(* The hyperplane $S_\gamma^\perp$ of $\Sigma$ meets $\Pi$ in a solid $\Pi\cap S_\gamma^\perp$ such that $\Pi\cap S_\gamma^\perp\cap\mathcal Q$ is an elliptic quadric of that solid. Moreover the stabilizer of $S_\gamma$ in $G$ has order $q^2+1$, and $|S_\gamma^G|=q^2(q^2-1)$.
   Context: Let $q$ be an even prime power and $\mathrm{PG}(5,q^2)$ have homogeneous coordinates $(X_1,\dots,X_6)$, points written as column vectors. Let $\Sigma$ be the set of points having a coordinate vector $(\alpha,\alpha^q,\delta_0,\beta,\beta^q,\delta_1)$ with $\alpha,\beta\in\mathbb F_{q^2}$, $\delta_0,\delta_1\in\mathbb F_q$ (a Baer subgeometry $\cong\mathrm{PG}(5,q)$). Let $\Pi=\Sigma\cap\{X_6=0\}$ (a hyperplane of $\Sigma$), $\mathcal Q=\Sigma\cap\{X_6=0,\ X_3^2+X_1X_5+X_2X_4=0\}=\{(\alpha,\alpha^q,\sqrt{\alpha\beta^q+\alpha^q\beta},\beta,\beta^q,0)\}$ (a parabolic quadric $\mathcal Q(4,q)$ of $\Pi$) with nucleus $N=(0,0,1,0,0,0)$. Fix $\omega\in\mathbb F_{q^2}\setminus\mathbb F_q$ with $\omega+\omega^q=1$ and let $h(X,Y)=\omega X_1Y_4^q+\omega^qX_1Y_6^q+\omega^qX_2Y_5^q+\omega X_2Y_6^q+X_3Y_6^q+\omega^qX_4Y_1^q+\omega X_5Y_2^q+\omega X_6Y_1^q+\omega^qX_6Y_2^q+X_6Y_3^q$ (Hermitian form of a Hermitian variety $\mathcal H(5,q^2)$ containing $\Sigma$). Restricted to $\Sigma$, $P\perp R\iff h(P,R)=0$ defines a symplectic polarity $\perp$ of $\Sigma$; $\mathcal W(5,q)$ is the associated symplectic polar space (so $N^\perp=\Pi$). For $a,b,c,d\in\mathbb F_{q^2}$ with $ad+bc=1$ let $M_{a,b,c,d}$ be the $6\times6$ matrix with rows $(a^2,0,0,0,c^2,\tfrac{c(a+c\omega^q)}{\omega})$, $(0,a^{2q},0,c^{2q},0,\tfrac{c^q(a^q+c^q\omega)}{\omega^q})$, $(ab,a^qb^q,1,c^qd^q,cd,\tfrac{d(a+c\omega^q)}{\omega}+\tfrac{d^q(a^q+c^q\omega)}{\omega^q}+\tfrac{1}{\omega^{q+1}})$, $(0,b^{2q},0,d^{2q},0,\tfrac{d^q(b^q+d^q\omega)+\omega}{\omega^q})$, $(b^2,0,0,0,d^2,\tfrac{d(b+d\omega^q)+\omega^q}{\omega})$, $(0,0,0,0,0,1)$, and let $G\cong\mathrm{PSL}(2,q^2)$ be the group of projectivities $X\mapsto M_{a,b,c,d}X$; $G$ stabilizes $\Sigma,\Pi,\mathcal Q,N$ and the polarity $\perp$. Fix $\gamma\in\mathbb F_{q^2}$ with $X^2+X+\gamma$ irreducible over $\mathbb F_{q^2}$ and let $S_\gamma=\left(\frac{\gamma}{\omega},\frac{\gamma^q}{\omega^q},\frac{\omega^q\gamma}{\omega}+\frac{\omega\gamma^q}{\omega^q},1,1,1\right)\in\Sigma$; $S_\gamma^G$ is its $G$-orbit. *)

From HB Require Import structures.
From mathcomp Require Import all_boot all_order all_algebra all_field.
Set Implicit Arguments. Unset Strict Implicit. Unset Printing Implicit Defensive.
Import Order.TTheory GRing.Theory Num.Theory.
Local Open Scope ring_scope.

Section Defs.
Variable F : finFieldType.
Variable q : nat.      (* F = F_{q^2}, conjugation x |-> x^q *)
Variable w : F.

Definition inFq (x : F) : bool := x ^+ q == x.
════
__What the exercise asks__. Locate the word "From" in the data above. Copy every line carrying it.

__Solution__.
From HB Require Import structures.
From mathcomp Require Import all_boot all_order all_algebra all_field.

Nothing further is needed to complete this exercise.